We know very few things about you, but the only awareness of your existence in this world, and in this historical moment, brought the light in one of the darkest times. You gave us back the hope we had lost in battle. You allowed us to go back to believing that all is not lost and that we can still defeat this monster you took away from us so much, too much.
You have put back into circulation that hope of which we all once became spokesmen, but which then began to falter, thanks to tiredness and the lack of the simplest and most meaningful of gestures, abandoning ourselves in the embraces of the people we love.
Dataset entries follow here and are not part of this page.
(* Let $\mathbb{T}=[0,2\pi)\times[0,2\pi)$ with periodic boundary conditions, let $0\le \alpha<1$ and $\kappa>0$, and consider the surface quasi-geostrophic equation $$\partial_t\theta+\mathbf{u}\cdot\nabla\theta+\kappa(-\Delta)^\alpha\theta=0,\qquad \mathbf{u}=(\partial_y,-\partial_x)(-\Delta)^{-\frac12}\theta,$$ for a scalar function $\theta(x,y,t)$ on $\mathbb{T}\times[0,\infty)$. (i) Let $c_1,\dots,c_8$ be real constants and let $n,m,k$ be integers with $nm\neq 0$, such that $n^2+m^2=k^2$ whenever $(|c_1|+|c_2|+|c_3|+|c_4|)(|c_5|+|c_6|+|c_7|+|c_8|)\neq 0$. Then $$\theta=e^{-\kappa(n^2+m^2)^\alpha t}\big(c_1\sin nx\sin my+c_2\cos nx\sin my+c_3\sin nx\cos my+c_4\cos nx\cos my\big)$$ $$\qquad+e^{-\kappa|k|^{2\alpha}t}\big(c_5\sin kx+c_6\sin ky+c_7\cos kx+c_8\cos ky\big)$$ is an exact solution of the equation on $\mathbb{T}$. (ii) Let $n,m$ be integers with $|n|+|m|\neq 0$, and let $(a_k)_{k\in\mathbb{Z}},(b_k)_{k\in\mathbb{Z}}$ be real constants with $\sum_{k\in\mathbb{Z}}|k|(a_k^2+b_k^2)<\infty$. Then $$\theta=\sum_{k\in\mathbb{Z}}e^{-\kappa(n^2k^2+m^2k^2)^\alpha t}\big(a_k\cos(knx+kmy)+b_k\sin(knx+kmy)\big)$$ solves the equation on $\mathbb{T}$.
   Context: On the $2\pi$-periodic torus $\mathbb{T}$, the operators $(-\Delta)^\alpha$ and $(-\Delta)^{-\frac12}$ are the Fourier multipliers acting on $e^{i(px+qy)}$ by multiplication by $(p^2+q^2)^\alpha$ and $(p^2+q^2)^{-1/2}$ respectively (the latter on nonzero Fourier modes). Thus $\mathbf{u}=(\partial_y(-\Delta)^{-1/2}\theta,\,-\partial_x(-\Delta)^{-1/2}\theta)$. *)

From Stdlib Require Import Reals ZArith.
From Coquelicot Require Import Coquelicot.

Open Scope R_scope.

(* r^a for r >= 0, with the convention 0^0 = 1 (so that (-Δ)^0 = Id and the
   multiplier (p^2+q^2)^α at the zero mode is 0 for α > 0 and 1 for α = 0). *)
Definition fracpow (r a : R) : R :=
  if Req_EM_T r 0 then (if Req_EM_T a 0 then 1 else 0) else Rpower r a.

Definition modsq (p q : Z) : R := IZR p ^ 2 + IZR q ^ 2.

(* normalized Fourier coefficient of f on the 2π-periodic torus:
   (1/4π^2) ∫_0^{2π}∫_0^{2π} f(x,y) e^{-i(px+qy)} dy dx *)
Definition fcoef (f : R -> R -> R) (p q : Z) : C :=
  (/ (4 * PI ^ 2) *
     RInt (fun x => RInt (fun y => f x y * cos (IZR p * x + IZR q * y)) 0 (2 * PI)) 0 (2 * PI),
   - (/ (4 * PI ^ 2) *
     RInt (fun x => RInt (fun y => f x y * sin (IZR p * x + IZR q * y)) 0 (2 * PI)) 0 (2 * PI))).

Definition box_sum (F : Z -> Z -> C) (N : nat) : C :=
  sum_n (fun i => sum_n (fun j =>
     F (Z.of_nat i - Z.of_nat N)%Z (Z.of_nat j - Z.of_nat N)%Z) (2 * N)) (2 * N).

Definition box_sum_R (F : Z -> Z -> R) (N : nat) : R :=
  sum_n (fun i => sum_n (fun j =>
     F (Z.of_nat i - Z.of_nat N)%Z (Z.of_nat j - Z.of_nat N)%Z) (2 * N)) (2 * N).

Definition is_sum_Z2 (F : Z -> Z -> C) (s : C) : Prop :=
  (exists M : R, forall N, box_sum_R (fun p q => Cmod (F p q)) N <= M) /\
  filterlim (box_sum F) eventually (locally s).

(* Fourier coefficient at ξ = (p,q) of u·∇θ, u = (∂_y,-∂_x)(-Δ)^{-1/2}θ, with
   Θ the Fourier coefficients of θ (convention e^{i(px+qy)}): the term indexed
   by η = (a,b) (η ≠ 0, ζ = ξ - η) is  (η1 ζ2 - η2 ζ1)/|η| Θ(η) Θ(ζ). *)
Definition sqg_nl_term (Th : Z -> Z -> C) (p q a b : Z) : C :=
  if (Z.eqb a 0 && Z.eqb b 0)%bool then RtoC 0
  else Cmult (Cmult (RtoC ((IZR a * IZR (q - b) - IZR b * IZR (p - a)) / sqrt (modsq a b)))
                    (Th a b)) (Th (p - a)%Z (q - b)%Z).

(* Θ(p,q,t) (Fourier coefficients of θ(·,·,t)) solves SQG
   ∂_tθ + u·∇θ + κ(-Δ)^α θ = 0 on T×[0,∞), written mode by mode:
   θ(t) ∈ L^2(T) for t >= 0, the nonlinear convolution sum converges absolutely,
   and  d/dt Θ(ξ,t) = - (u·∇θ)^(ξ,t) - κ |ξ|^{2α} Θ(ξ,t). *)
Definition SQG_fourier_solution (kappa alpha : R) (Th : Z -> Z -> R -> C) : Prop :=
  (forall t, 0 <= t -> exists M : R, forall N,
      box_sum_R (fun p q => Cmod (Th p q t) ^ 2) N <= M) /\
  (forall (p q : Z) (t : R), 0 <= t ->
     exists Nl : C,
       is_sum_Z2 (sqg_nl_term (fun a b => Th a b t) p q) Nl /\
       let rhs := Cminus (Copp Nl)
                   (Cmult (RtoC (kappa * fracpow (modsq p q) alpha)) (Th p q t)) in
       is_derive (fun s => Re (Th p q s)) t (Re rhs) /\
       is_derive (fun s => Im (Th p q s)) t (Im rhs)).

Definition periodic_xy (f : R -> R -> R) : Prop :=
  forall x y, f (x + 2 * PI) y = f x y /\ f x (y + 2 * PI) = f x y.

Definition solves_SQG (kappa alpha : R) (theta : R -> R -> R -> R) : Prop :=
  (forall t, periodic_xy (fun x y => theta x y t)) /\
  SQG_fourier_solution kappa alpha (fun p q t => fcoef (fun x y => theta x y t) p q).

(* θ = Σ_{k∈Z} θ_k (series understood in L^2(T), i.e. coefficientwise:
   the Fourier coefficients of θ(t) are the (symmetric) sums of those of θ_k(t))
   solves SQG on T. *)
Definition solves_SQG_series (kappa alpha : R) (thk : Z -> R -> R -> R -> R) : Prop :=
  (forall k t, periodic_xy (fun x y => thk k x y t)) /\
  exists Th : Z -> Z -> R -> C,
    (forall p q t, filterlim
        (fun K : nat => sum_n (fun i =>
           fcoef (fun x y => thk (Z.of_nat i - Z.of_nat K)%Z x y t) p q) (2 * K))
        eventually (locally (Th p q t))) /\
    SQG_fourier_solution kappa alpha Th.

(* Both families are finite or convergent superpositions of Fourier modes, each decaying at
   its own linear rate exp (- kappa |xi|^(2 alpha) t).  Such a superposition solves SQG exactly
   when every Fourier coefficient of the quadratic term u.grad(theta) vanishes; the coefficient
   at xi is the sum over eta + zeta = xi of (eta x zeta) / |eta| Theta(eta) Theta(zeta).
   In (i) all active wavevectors lie on a single circle (this is where n^2 + m^2 = k^2 is used),
   so the summand is antisymmetric under eta <-> zeta and the sum cancels.  In (ii) all active
   wavevectors lie on the line Z (n, m), where eta x zeta = 0 termwise.  The Fourier coefficients
   of the trigonometric polynomials involved are computed exactly by orthogonality on the torus,
   and in (ii) the weighted summability of (a_k, b_k) gives the L^2 bound. *)

From Stdlib Require Import Reals ZArith Lia Lra List FunctionalExtensionality Classical.
From Coquelicot Require Import Coquelicot.
Import ListNotations.
Open Scope R_scope.

(** * Symmetric partial sums over Z and Z^2 *)

(* The sum over [-K <= k <= K]; the [box_sum]s in [is_sum_Z2] are iterated [sym_sum]s. *)
Definition sym_sum {G : AbelianMonoid} (g : Z -> G) (K : nat) : G :=
  sum_n (fun i => g (Z.of_nat i - Z.of_nat K)%Z) (2 * K).

Lemma sym_sum_O {G : AbelianMonoid} (g : Z -> G) : sym_sum g 0 = g 0%Z.
Proof. unfold sym_sum; simpl. rewrite sum_O; reflexivity. Qed.

Lemma sym_sum_S {G : AbelianMonoid} (g : Z -> G) (K : nat) :
  sym_sum g (S K) = plus (g (- Z.of_nat (S K))%Z) (plus (sym_sum g K) (g (Z.of_nat (S K)))).
Proof.
  unfold sym_sum, sum_n. replace (2 * S K)%nat with (S (S (2 * K))) by lia.
  rewrite sum_n_Sm, sum_Sn_m by lia. rewrite <- sum_n_m_S, plus_assoc.
  f_equal; [f_equal|].
  - apply sum_n_m_ext; intros; f_equal; lia.
  - f_equal; lia.
Qed.

Lemma sym_sum_ext {G : AbelianMonoid} (g h : Z -> G) (K : nat) :
  (forall k, g k = h k) -> sym_sum g K = sym_sum h K.
Proof. intros E; apply sum_n_ext; intros; apply E. Qed.

Lemma sym_sum_zero {G : AbelianMonoid} (K : nat) : sym_sum (fun _ => @zero G) K = zero.
Proof. apply sum_n_m_const_zero. Qed.

Lemma sym_sum_plus {G : AbelianMonoid} (g h : Z -> G) (K : nat) :
  sym_sum (fun k => plus (g k) (h k)) K = plus (sym_sum g K) (sym_sum h K).
Proof. apply sum_n_plus. Qed.

Lemma sym_sum_mult_l {K : Ring} (c : K) (g : Z -> K) (N : nat) :
  sym_sum (fun k => mult c (g k)) N = mult c (sym_sum g N).
Proof. apply sum_n_mult_l. Qed.

Lemma sym_sum_switch {G : AbelianMonoid} (u : Z -> Z -> G) (N K : nat) :
  sym_sum (fun i => sym_sum (u i) K) N = sym_sum (fun j => sym_sum (fun i => u i j) N) K.
Proof. apply sum_n_switch. Qed.

Lemma sym_sum_stable {G : AbelianMonoid} (g : Z -> G) (B K : nat) :
  (forall k, (Z.of_nat B < Z.abs k)%Z -> g k = zero) -> (B <= K)%nat ->
  sym_sum g K = sym_sum g B.
Proof.
  intros Hg HK. induction HK as [|K HK IH]; [reflexivity|].
  rewrite sym_sum_S, IH, !Hg by lia. rewrite plus_zero_l, plus_zero_r. reflexivity.
Qed.

Lemma sym_sum_dirac {G : AbelianMonoid} (j : Z) (c : G) (K : nat) :
  sym_sum (fun k => if Z.eqb k j then c else zero) K
  = if Z.leb (Z.abs j) (Z.of_nat K) then c else zero.
Proof.
  induction K as [|K IH].
  - rewrite sym_sum_O. change (Z.of_nat 0) with 0%Z.
    destruct (Z.eqb_spec 0 j), (Z.leb_spec (Z.abs j) 0); auto; lia.
  - rewrite sym_sum_S, IH.
    destruct (Z.eqb_spec (- Z.of_nat (S K)) j), (Z.eqb_spec (Z.of_nat (S K)) j),
      (Z.leb_spec (Z.abs j) (Z.of_nat K)), (Z.leb_spec (Z.abs j) (Z.of_nat (S K)));
      rewrite ?plus_zero_l, ?plus_zero_r; auto; lia.
Qed.

Lemma sym_sum_reflect {G : AbelianMonoid} (g : Z -> G) (K : nat) :
  sym_sum (fun k => g (- k)%Z) K = sym_sum g K.
Proof.
  induction K as [|K IH].
  - rewrite !sym_sum_O. reflexivity.
  - rewrite !sym_sum_S, IH, Z.opp_involutive.
    set (a := g (Z.of_nat (S K))). set (b := g (- Z.of_nat (S K))%Z).
    rewrite plus_assoc, (plus_comm _ b), (plus_comm a). reflexivity.
Qed.

Lemma sym_sum_S_R (g : Z -> R) (K : nat) :
  sym_sum g (S K) = g (- Z.of_nat (S K))%Z + sym_sum g K + g (Z.of_nat (S K)).
Proof. rewrite sym_sum_S, Rplus_assoc. reflexivity. Qed.

Lemma sym_sum_le (g h : Z -> R) (K : nat) :
  (forall k, (Z.abs k <= Z.of_nat K)%Z -> g k <= h k) -> sym_sum g K <= sym_sum h K.
Proof.
  induction K as [|K IH]; intros H.
  - rewrite !sym_sum_O. apply H. lia.
  - rewrite !sym_sum_S_R. assert (sym_sum g K <= sym_sum h K) by (apply IH; intros; apply H; lia).
    assert (g (- Z.of_nat (S K))%Z <= h (- Z.of_nat (S K))%Z) by (apply H; lia).
    assert (g (Z.of_nat (S K)) <= h (Z.of_nat (S K))) by (apply H; lia). lra.
Qed.

Lemma sym_sum_mono (g : Z -> R) (K K' : nat) :
  (forall k, 0 <= g k) -> (K <= K')%nat -> sym_sum g K <= sym_sum g K'.
Proof.
  intros Hg HK. induction HK as [|K' HK IH]; [lra|].
  rewrite sym_sum_S_R. pose proof (Hg (- Z.of_nat (S K'))%Z). pose proof (Hg (Z.of_nat (S K'))).
  lra.
Qed.

Lemma sym_sum_nonneg (g : Z -> R) (K : nat) : (forall k, 0 <= g k) -> 0 <= sym_sum g K.
Proof.
  intros Hg. apply Rle_trans with (sym_sum g 0); [rewrite sym_sum_O; apply Hg|].
  apply sym_sum_mono; [exact Hg | lia].
Qed.

Lemma sym_sum_plus_reflect (g : Z -> R) (K : nat) :
  sym_sum (fun k => g k + g (- k)%Z) K = 2 * sym_sum g K.
Proof.
  transitivity (sym_sum g K + sym_sum (fun k => g (- k)%Z) K).
  - exact (sym_sum_plus g (fun k => g (- k)%Z) K).
  - rewrite sym_sum_reflect. change (sym_sum g K + sym_sum g K = 2 * sym_sum g K). ring.
Qed.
Then, one day in March, in beautiful and sunny Florida you were born, the first child with anti Covid antibodies, already present in your little body. Paediatricians Paul Gilbert and Chad Rudnick of the Charles E. Schmidt College of Medicine told us about you, they told the whole world about your birth, giving us the news that none of us expected.
They told us some details, while respecting your privacy. But the news that emerged was enough to rekindle the spark of hope in all of us. They told us that your mom had received a single dose of Moderna’s mRNA vaccine three weeks before giving birth, they explained through a detailed and scientific document that the antibodies of that dose were detected in the umbilical cord and that, therefore, they arrived. to you.
We were told that you were born “healthy and vigorous” and these words gave us the strength not to give up. Yours is the first global case of a girl with an immune system predisposed to fight the Coronavirus. You are a warrior!